PROBLEM TO SOLVE: Every line below that includes "Defs" counts toward the total. Report that total alone.
Segment Start: STUDY MATERIAL
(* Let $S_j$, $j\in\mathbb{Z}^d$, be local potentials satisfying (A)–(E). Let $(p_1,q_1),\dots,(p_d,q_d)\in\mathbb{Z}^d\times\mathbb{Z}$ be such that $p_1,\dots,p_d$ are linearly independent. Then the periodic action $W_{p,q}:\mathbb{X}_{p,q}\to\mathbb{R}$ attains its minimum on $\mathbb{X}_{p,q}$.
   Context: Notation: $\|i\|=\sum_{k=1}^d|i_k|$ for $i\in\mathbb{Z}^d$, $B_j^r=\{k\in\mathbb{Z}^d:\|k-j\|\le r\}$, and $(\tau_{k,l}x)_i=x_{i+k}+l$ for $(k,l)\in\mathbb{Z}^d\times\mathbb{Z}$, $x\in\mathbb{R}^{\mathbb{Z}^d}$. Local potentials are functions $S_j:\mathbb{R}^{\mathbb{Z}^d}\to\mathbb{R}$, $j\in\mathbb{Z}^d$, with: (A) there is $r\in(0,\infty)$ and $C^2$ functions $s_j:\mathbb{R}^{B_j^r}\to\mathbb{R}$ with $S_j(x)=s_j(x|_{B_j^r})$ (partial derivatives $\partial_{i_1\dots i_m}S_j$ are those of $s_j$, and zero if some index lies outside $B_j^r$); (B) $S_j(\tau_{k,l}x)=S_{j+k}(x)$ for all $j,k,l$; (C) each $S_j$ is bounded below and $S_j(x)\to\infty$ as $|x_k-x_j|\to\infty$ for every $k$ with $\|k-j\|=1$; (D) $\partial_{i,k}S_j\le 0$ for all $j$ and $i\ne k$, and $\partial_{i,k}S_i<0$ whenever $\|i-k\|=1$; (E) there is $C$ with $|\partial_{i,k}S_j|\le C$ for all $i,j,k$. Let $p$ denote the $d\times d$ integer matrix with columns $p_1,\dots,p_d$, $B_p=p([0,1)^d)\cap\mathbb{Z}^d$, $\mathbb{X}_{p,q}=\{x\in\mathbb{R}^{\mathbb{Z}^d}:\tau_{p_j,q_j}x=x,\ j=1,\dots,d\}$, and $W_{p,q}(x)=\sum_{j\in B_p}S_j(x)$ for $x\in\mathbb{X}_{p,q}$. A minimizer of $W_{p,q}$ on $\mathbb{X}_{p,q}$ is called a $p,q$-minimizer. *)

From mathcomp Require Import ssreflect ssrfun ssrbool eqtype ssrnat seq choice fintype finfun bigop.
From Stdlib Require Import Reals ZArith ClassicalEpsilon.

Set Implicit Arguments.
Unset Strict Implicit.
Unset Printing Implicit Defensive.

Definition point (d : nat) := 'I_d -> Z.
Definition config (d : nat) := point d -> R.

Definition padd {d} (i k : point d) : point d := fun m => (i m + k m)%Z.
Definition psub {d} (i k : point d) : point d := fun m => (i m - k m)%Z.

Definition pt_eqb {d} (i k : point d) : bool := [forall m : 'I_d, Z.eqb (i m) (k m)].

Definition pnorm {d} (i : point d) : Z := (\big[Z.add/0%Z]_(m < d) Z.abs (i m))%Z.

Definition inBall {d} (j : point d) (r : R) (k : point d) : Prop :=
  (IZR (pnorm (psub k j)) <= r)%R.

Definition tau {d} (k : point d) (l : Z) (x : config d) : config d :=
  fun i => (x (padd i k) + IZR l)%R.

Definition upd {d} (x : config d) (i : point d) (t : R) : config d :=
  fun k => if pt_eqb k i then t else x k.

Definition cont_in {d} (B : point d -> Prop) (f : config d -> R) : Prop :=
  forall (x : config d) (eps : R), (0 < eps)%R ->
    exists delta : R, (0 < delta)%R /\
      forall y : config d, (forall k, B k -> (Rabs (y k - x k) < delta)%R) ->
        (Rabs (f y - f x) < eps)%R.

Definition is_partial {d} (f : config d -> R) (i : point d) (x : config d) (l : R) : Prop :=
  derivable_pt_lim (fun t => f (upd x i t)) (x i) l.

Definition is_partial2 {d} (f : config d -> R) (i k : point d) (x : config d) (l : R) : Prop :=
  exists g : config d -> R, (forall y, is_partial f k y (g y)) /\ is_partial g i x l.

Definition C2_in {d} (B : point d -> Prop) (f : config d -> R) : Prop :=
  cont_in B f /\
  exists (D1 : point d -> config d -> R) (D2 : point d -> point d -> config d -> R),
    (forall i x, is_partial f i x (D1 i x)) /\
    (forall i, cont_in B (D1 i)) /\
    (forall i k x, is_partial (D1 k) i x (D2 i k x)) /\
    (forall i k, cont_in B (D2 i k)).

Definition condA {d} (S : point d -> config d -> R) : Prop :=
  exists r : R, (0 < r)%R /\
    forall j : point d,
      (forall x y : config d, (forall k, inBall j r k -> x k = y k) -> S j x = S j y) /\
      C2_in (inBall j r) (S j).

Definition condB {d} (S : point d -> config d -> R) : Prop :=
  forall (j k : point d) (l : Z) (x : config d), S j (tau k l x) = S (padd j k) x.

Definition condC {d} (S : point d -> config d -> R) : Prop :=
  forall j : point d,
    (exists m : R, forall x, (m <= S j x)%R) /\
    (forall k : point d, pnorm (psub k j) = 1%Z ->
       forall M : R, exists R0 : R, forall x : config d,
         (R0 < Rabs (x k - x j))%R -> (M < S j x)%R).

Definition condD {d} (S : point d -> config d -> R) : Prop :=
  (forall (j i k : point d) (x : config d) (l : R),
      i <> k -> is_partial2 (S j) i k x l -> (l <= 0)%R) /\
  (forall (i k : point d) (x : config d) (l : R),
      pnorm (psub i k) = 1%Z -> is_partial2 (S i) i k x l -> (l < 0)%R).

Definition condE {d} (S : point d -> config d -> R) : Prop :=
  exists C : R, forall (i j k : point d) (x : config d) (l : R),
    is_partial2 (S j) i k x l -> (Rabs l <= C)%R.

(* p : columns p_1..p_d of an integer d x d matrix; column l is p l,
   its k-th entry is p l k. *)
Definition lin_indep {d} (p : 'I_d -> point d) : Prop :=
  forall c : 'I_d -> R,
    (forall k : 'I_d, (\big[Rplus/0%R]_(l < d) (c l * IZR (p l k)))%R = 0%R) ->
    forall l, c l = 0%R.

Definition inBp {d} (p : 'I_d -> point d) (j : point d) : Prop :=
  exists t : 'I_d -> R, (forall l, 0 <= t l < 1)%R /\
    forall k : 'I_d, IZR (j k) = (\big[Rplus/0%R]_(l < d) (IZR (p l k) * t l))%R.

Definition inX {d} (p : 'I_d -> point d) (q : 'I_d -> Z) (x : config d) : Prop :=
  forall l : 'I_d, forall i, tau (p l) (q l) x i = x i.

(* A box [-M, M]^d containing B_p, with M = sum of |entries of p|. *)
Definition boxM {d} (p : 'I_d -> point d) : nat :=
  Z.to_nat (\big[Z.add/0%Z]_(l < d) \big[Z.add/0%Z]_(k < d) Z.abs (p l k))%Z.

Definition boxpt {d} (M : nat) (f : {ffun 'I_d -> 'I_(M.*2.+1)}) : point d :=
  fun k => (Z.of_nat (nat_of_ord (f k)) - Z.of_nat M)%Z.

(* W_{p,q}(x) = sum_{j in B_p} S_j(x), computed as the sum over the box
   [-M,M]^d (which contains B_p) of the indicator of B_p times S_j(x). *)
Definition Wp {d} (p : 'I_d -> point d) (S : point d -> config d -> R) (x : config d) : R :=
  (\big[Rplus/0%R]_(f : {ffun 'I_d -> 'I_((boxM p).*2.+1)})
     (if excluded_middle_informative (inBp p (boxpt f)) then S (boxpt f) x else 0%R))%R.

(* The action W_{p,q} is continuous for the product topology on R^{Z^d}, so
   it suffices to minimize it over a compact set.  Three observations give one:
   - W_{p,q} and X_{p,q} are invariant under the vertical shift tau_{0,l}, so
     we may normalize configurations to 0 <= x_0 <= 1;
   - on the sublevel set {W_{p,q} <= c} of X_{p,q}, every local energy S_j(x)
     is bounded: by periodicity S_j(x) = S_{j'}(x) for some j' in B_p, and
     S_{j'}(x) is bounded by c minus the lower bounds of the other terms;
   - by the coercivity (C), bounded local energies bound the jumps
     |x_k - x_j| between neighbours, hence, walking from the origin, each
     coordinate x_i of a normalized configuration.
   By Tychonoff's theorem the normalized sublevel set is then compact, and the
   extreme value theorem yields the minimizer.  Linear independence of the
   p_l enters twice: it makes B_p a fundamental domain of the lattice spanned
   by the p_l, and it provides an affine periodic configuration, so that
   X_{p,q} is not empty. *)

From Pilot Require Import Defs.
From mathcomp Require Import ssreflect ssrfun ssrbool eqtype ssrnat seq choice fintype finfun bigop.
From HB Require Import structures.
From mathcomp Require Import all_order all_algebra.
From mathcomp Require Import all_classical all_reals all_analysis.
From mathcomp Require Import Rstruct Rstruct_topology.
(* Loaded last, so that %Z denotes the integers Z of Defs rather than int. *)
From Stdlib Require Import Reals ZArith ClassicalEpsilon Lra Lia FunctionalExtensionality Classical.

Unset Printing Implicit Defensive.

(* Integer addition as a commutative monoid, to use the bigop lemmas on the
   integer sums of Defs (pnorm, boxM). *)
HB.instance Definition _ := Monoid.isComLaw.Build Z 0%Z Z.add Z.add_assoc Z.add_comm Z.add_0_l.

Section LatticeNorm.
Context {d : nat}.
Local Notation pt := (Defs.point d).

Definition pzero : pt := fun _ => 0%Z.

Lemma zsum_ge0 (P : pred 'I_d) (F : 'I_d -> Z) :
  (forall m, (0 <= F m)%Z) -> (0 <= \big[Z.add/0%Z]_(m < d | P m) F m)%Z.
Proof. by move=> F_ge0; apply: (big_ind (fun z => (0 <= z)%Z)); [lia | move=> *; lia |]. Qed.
Segment End: STUDY MATERIAL
Segment Start: STUDY MATERIAL
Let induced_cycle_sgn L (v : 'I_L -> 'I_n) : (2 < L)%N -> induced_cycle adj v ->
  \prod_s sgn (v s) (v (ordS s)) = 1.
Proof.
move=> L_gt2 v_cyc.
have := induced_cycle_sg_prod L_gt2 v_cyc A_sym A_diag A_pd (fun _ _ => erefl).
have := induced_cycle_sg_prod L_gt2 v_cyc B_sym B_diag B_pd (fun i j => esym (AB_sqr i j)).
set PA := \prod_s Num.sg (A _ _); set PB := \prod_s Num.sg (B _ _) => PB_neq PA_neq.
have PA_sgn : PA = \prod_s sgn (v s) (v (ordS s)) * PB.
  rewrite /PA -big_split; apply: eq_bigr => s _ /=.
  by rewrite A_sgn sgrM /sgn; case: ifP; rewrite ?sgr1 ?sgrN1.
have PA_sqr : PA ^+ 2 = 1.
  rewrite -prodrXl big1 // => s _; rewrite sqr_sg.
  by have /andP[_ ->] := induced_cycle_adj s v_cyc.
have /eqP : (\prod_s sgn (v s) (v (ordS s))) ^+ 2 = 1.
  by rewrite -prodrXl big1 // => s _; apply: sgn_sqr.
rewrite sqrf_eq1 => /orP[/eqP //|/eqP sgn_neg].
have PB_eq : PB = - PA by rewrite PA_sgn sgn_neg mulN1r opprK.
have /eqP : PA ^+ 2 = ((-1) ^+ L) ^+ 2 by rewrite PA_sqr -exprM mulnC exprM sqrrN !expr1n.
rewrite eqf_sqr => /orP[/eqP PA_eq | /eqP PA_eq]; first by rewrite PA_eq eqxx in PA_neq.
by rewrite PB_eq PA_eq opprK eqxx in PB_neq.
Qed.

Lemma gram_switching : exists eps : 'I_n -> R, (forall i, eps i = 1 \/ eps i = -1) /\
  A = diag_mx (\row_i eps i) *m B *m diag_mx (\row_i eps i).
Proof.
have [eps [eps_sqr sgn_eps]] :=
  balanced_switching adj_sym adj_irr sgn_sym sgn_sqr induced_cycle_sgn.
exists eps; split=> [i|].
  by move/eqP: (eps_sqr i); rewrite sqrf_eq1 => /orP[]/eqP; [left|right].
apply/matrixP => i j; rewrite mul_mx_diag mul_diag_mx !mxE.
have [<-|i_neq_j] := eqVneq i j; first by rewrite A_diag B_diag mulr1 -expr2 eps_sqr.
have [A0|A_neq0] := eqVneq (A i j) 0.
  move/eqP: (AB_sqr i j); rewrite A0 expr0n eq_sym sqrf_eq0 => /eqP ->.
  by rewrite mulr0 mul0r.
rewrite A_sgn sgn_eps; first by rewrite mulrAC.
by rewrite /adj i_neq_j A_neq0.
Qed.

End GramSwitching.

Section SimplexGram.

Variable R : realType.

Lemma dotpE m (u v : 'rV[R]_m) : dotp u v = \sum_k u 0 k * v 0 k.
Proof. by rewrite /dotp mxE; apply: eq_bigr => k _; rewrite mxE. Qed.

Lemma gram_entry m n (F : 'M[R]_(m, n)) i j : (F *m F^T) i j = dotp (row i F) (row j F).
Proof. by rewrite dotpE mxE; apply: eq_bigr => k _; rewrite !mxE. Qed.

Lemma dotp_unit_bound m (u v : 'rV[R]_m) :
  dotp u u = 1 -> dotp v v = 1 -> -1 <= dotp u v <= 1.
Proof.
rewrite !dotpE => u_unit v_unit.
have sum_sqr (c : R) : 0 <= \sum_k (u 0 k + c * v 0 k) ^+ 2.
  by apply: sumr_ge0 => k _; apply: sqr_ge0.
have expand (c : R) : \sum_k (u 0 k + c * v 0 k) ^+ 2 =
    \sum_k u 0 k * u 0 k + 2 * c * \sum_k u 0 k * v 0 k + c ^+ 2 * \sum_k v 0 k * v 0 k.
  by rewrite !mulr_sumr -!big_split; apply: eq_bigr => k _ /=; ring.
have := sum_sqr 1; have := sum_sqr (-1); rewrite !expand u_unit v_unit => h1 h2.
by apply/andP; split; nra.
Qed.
Segment End: STUDY MATERIAL
SOLVED EXERCISE: 4